Most Dangerous Drugs - chegra
http://drbenkim.com/ten-most-dangerous-drugs.html?awesm=fbshare.me_APNu2

======
bradleyland
There is some seriously fallacious thinking going on here:

"It is estimated that tobacco causes 40 percent of all hospital illnesses,
while alcohol is involved in more than 50 percent of all visits to hospital
emergency rooms. In light of these statistics, the authors of this study
question why alcohol and tobacco are legal to use within current drug policies
for Britain and the United States, while less harmful drugs like ecstasy and
LSD are deemed illegal to use."

Ok, so if you start with a statistic representing the frequency of an event in
the general population caused by a drug that is legal and in widespread use,
you cannot simply compare that directly to a lack of the same event attributed
to another drug whose usage population is far lower. Far fewer people use
ecstasy (just an example) than use alcohol or tobacco.

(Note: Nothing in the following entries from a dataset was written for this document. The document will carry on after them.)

(* S with app is the Hilbert space of Hilbert-Schmidt operators H1 -> H2:
   S is the Hilbert tensor product H2 (x) H1 via the rank-one operators
   rk w v = (u |-> <v,u> w), app C is the action of C, and
   <C v, w> = <C, rk w v>_HS. *)
Definition is_HS_space (H1 H2 S : preHilbertType R)
    (rk : H2 -> H1 -> S) (app : S -> H1 -> H2) : Prop :=
  [/\ is_tensor_product rk,
      (forall w v u, app (rk w v) u = inner v u *: w) &
      (forall C v w, inner (app C v) w = inner C (rk w v))].

Definition hadamard (p q : nat) (X Y : 'M[R]_(p, q)) : 'M[R]_(p, q) :=
  \matrix_(i, j) (X i j * Y i j).

End Defs.

From HB Require Import structures.
From mathcomp Require Import all_boot all_order all_algebra.
From mathcomp Require Import reals.
From mathcomp Require Import ring lra.
Set Implicit Arguments.
Unset Strict Implicit.
Unset Printing Implicit Defensive.
Import Order.TTheory GRing.Theory Num.Theory.
Local Open Scope ring_scope.

(* Both stages are ridge regressions, minimised by the representer-theorem
   candidates built from the regularised inverse Gram matrix: the normal
   equations cancel the cross term in the expansion of the objective at
   candidate + d, which therefore exceeds the minimum by at least the penalty
   weight times |d|^2.  In stage 1 the candidate operator is
   [sum_j g_j (x) x_j] with [g = (K + n lam)^-1 phi_W], so at the stage-2
   points it returns the combinations of the [phi_W (w_l)] with coefficient
   matrix [B].  Stage 2 is then scalar ridge regression on the features
   [z_k = phi_A (ad_k) (x) C phi_AY (ad_k, yd_k)]; since inner products of
   elementary tensors factor, their Gram matrix is [M] and their inner
   products with [phi_A a (x) phi_W w] form [k(a, w)]. *)

Section PreHilbert.
Context {R : realType} {V : preHilbertType R}.
Implicit Types x y z : V.

Lemma inner0l y : inner (0 : V) y = 0.
Proof. by have := innerZl 0 (0 : V) y; rewrite scale0r mul0r. Qed.

Lemma innerNl x y : inner (- x) y = - inner x y.
Proof. by rewrite -scaleN1r innerZl mulN1r. Qed.

Lemma innerBl x y z : inner (x - y) z = inner x z - inner y z.
Proof. by rewrite innerDl innerNl. Qed.

Lemma innerDr x y z : inner x (y + z) = inner x y + inner x z.
Proof. by rewrite innerC innerDl !(innerC x). Qed.

Lemma innerNr x y : inner x (- y) = - inner x y.
Proof. by rewrite innerC innerNl innerC. Qed.

Lemma inner_suml (I : Type) (r : seq I) (P : pred I) (F : I -> V) y :
  inner (\sum_(i <- r | P i) F i) y = \sum_(i <- r | P i) inner (F i) y.
Proof. exact: (big_morph (inner^~ y) (fun a b => innerDl a b y) (inner0l y)). Qed.

Lemma inner_extl x y : (forall z, inner x z = inner y z) -> x = y.
Proof.
by move=> xy; apply/subr0_eq/inner_eq0; rewrite innerBl xy subrr.
Qed.

Lemma nsq_ge0 x : 0 <= nsq x.
Proof. exact: inner_ge0. Qed.

Lemma nsqD x y : nsq (x + y) = nsq x + 2 * inner x y + nsq y.
Proof. by rewrite /nsq innerDl !innerDr (innerC y x); ring. Qed.

Lemma nsqB x y : nsq (x - y) = nsq x - 2 * inner x y + nsq y.
Proof. by rewrite nsqD /nsq !innerNr innerNl opprK mulrN. Qed.

Lemma quadratic_growth_argmin (f : V -> R) (v : V) (c : R) : 0 < c ->
  (forall d, f v + c * nsq d <= f (v + d)) ->
  (forall u, f v <= f u) /\ (forall u, (forall u', f u <= f u') -> u = v).
Proof.
move=> c_gt0 growth.
have growth' u : f v + c * nsq (u - v) <= f u by rewrite -{2}(subrKC v u).
split=> [u | u u_min]; first by have := nsq_ge0 (u - v); have := growth' u; nra.
apply/subr0_eq/inner_eq0/eqP; rewrite -/(nsq _) eq_le nsq_ge0 andbT.
by have := growth' u; have := u_min v; nra.
Qed.

End PreHilbert.

Section Gram.
Context {R : realType} {V : preHilbertType R}.

Definition cross_gram n m (u : 'I_n -> V) (v : 'I_m -> V) : 'M[R]_(n, m) :=
  \matrix_(i, j) inner (u i) (v j).

Definition lincomb n m (B : 'M[R]_(n, m)) (u : 'I_n -> V) (k : 'I_m) : V :=
  \sum_(l < n) B l k *: u l.

Lemma tr_cross_gram n m (u : 'I_n -> V) (v : 'I_m -> V) :
  (cross_gram u v)^T = cross_gram v u.
Proof. by apply/matrixP => i j; rewrite !mxE innerC. Qed.

Lemma cross_gram_lincombl n m p (B : 'M_(n, m)) (u : 'I_n -> V) (v : 'I_p -> V) :
  cross_gram (lincomb B u) v = B^T *m cross_gram u v.
Proof.
apply/matrixP => i j; rewrite !mxE inner_suml.
by apply: eq_bigr => l _; rewrite innerZl !mxE.
Qed.

Lemma cross_gram_lincombr n m p (u : 'I_p -> V) (B : 'M_(n, m)) (v : 'I_n -> V) :
  cross_gram u (lincomb B v) = cross_gram u v *m B.
Proof.
by rewrite -[LHS]trmxK tr_cross_gram cross_gram_lincombl trmx_mul trmxK tr_cross_gram.
Qed.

That, in itself,
doesn't make it less dangerous. You'd have to arrive at a reasonable estimate
of the population that uses the drug, then apply a per capita calculation.

I'm not necessarily arguing that any of the drugs on the list shouldn't be
there, but as soon as I saw bullet #3 (The drug's overall impact on society) I
knew things were going to get fuzzy.

------
SecretAgentMan
so on the second list - marijuana is more harmful than paint thinner and LSD?